Beneath this line are the data; copy exactly the part of them that opens with the line containing "Definition is_matroid (E" and closes with the line containing "E -> Y \subset E ->", and only that part.

--- TASK INPUTS Enclosed Below ---

(* Let $\sigma$ be any two-qubit density matrix of rank at most $2$. Then there exist single-qubit unitaries $U_A,U_B$ and parameters $\theta,\phi,\alpha\in[0,\pi/2]$, $\beta\in[0,2\pi]$, $\nu_1,\nu_2\in[0,1]$ with $\nu_1+\nu_2=1$ such that $(U_A\otimes U_B)\,\sigma\,(U_A\otimes U_B)^\dagger=\nu_1|\psi_1\rangle\langle\psi_1|+\nu_2|\psi_2\rangle\langle\psi_2|$, where $|\psi_1\rangle=\cos\theta|00\rangle+\sin\theta|11\rangle$ and $|\psi_2\rangle=\cos\phi(\cos\alpha|01\rangle+\sin\alpha|10\rangle)+e^{i\beta}\sin\phi(\sin\theta|00\rangle-\cos\theta|11\rangle)$.
   Context: Qubits are labelled so that the first tensor factor belongs to Alice and the second to Bob; $\{|0\rangle,|1\rangle\}$ is the computational basis and $|ij\rangle=|i\rangle\otimes|j\rangle$. *)

From mathcomp Require Import all_boot all_order all_algebra.
From mathcomp Require Export complex.
From mathcomp Require Export reals trigo.
Import GRing.Theory Num.Theory.
Set Implicit Arguments. Unset Strict Implicit. Unset Printing Implicit Defensive.
Local Open Scope ring_scope.
Local Open Scope complex_scope.

Section QubitDefs.
Variable R : realType.
Notation C := R[i].

Definition adjmx (m n : nat) (A : 'M[C]_(m, n)) : 'M[C]_(n, m) :=
  \matrix_(i < n, j < m) (A j i)^*.

Definition unitary2 (U : 'M[C]_2) : Prop := U *m adjmx U = 1%:M.

Definition density4 (rho : 'M[C]_4) : Prop :=
  [/\ adjmx rho = rho,
      (forall v : 'cV[C]_4, 0 <= (adjmx v *m rho *m v) 0 0)
    & \tr rho = 1].
(* Let $q\ge 4$ and $t\ge 1$ be integers and let $M$ be a matroid with $\epsilon(M)\ge \frac{q^{r(M)}-1}{q-1}$ and $r(M)\ge 3t$. If $M$ is not round, then either $M$ has a $U_{2,q^2+2}$-minor or there is a round restriction $N$ of $M$ such that $r(N)\ge t$ and $\epsilon(N)>\frac{q^{r(N)}-1}{q-1}$.
   Context: A matroid $M$ is round if $E(M)$ cannot be partitioned into two sets each of rank less than $r(M)$. A point is a rank-$1$ flat and $\epsilon(M)$ is the number of points of $M$. $U_{2,m}$ is the uniform matroid of rank $2$ on $m$ elements. *)

From mathcomp Require Import all_boot.
Set Implicit Arguments. Unset Strict Implicit. Unset Printing Implicit Defensive.

Section Matroids.
Variable T : finType.

(* (E, r) is a matroid with ground set E and rank function r (only the
   values of r on subsets of E matter). Standard rank axioms R1-R3. *)
Definition is_matroid (E : {set T}) (r : {set T} -> nat) : Prop :=
  [/\ forall X : {set T}, X \subset E -> r X <= #|X|,
      forall X Y : {set T}, X \subset Y -> Y \subset E -> r X <= r Y &
      forall X Y : {set T}, X \subset E -> Y \subset E ->
        r (X :|: Y) + r (X :&: Y) <= r X + r Y].

Definition mrank (E : {set T}) (r : {set T} -> nat) : nat := r E.

Definition is_flat (E : {set T}) (r : {set T} -> nat) (X : {set T}) : bool :=
  (X \subset E) && [forall e in E :\: X, r X < r (e |: X)].

Definition eps (E : {set T}) (r : {set T} -> nat) : nat :=
  #|[set X : {set T} | is_flat E r X && (r X == 1)]|.

Definition round (E : {set T}) (r : {set T} -> nat) : Prop :=
  ~ exists X Y : {set T},
      [/\ X :|: Y = E, X :&: Y = set0, r X < r E & r Y < r E].

(* the minor M / C \ D (C, D disjoint subsets of E):
   ground set E - (C u D), rank X |-> r(X u C) - r(C) *)
Definition minor_ground (E C D : {set T}) : {set T} := E :\: (C :|: D).
Definition minor_rank (r : {set T} -> nat) (C : {set T}) : {set T} -> nat :=
  fun X => r (X :|: C) - r C.

Definition is_U2 (m : nat) (E' : {set T}) (r' : {set T} -> nat) : Prop :=
  #|E'| = m /\ forall X : {set T}, X \subset E' -> r' X = minn #|X| 2.

Definition has_U2_minor (m : nat) (E : {set T}) (r : {set T} -> nat) : Prop :=
  exists C D : {set T},
    [/\ C \subset E, D \subset E, [disjoint C & D] &
        is_U2 m (minor_ground E C D) (minor_rank r C)].

End Matroids.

--- End of Enclosed TASK INPUTS ---

#### REPLY
Definition is_matroid (E : {set T}) (r : {set T} -> nat) : Prop :=
  [/\ forall X : {set T}, X \subset E -> r X <= #|X|,
      forall X Y : {set T}, X \subset Y -> Y \subset E -> r X <= r Y &
      forall X Y : {set T}, X \subset E -> Y \subset E ->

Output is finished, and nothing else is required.